▸ Task to carry out: Look through the data below. Pick out the lines holding the string "Implicit".

▸ Extracted records:
(* Let $r=r(n)$ satisfy $r/n^{1/3}\to\infty$ and $r=o(n^{2/3})$. Then $\Pr(\mathcal B_3)=o(1)$ as $n\to\infty$, where $\mathcal B_3$ is the event that at least three edges are chosen and $e_1\cap e_2\cap e_3\neq\emptyset$.
   Context: Random intersecting process: Let $[n]=\{1,\dots,n\}$ and $\binom{[n]}{r}$ the family of $r$-subsets of $[n]$. Choose $e_1$ uniformly at random from $\binom{[n]}{r}$. Given $\mathcal F_i=\{e_1,\dots,e_i\}$, let $\mathcal A(\mathcal F_i)=\{e\in\binom{[n]}{r}: e\notin\mathcal F_i,\ e\cap e_j\neq\emptyset \text{ for all } 1\le j\le i\}$, and choose $e_{i+1}$ uniformly at random from $\mathcal A(\mathcal F_i)$. The process halts when $\mathcal A(\mathcal F_i)=\emptyset$. *)

From mathcomp Require Import all_boot.
From Stdlib Require Import Reals.

Set Implicit Arguments.
Unset Strict Implicit.
Unset Printing Implicit Defensive.

Definition rsets (n r : nat) : seq {set 'I_n} :=
  enum [pred A : {set 'I_n} | #|A| == r].

Definition avail (n r : nat) (F : seq {set 'I_n}) : seq {set 'I_n} :=
  [seq e <- rsets n r | (e \notin F) && all (fun f : {set 'I_n} => e :&: f != set0) F].

Definition sumR {T : Type} (l : seq T) (f : T -> R) : R :=
  foldr (fun x acc => (f x + acc)%R) 0%R l.

(* Probability of B_3: e1 uniform in binom([n],r), e2 uniform in A({e1}),
   e3 uniform in A({e1,e2}) (so at least three edges are chosen), and
   e1 ∩ e2 ∩ e3 nonempty.  Branches where the process halts earlier
   contribute 0 (empty sums). *)
Definition probB3 (n r : nat) : R :=
  sumR (rsets n r) (fun e1 =>
    (/ INR (size (rsets n r)) *
     sumR (avail r [:: e1]) (fun e2 =>
       / INR (size (avail r [:: e1])) *
       sumR (avail r [:: e1; e2]) (fun e3 =>
         / INR (size (avail r [:: e1; e2])) *
         (if e1 :&: e2 :&: e3 != set0 then 1 else 0))))%R).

▸ Solution to this task:
Set Implicit Arguments.
Unset Strict Implicit.
Unset Printing Implicit Defensive.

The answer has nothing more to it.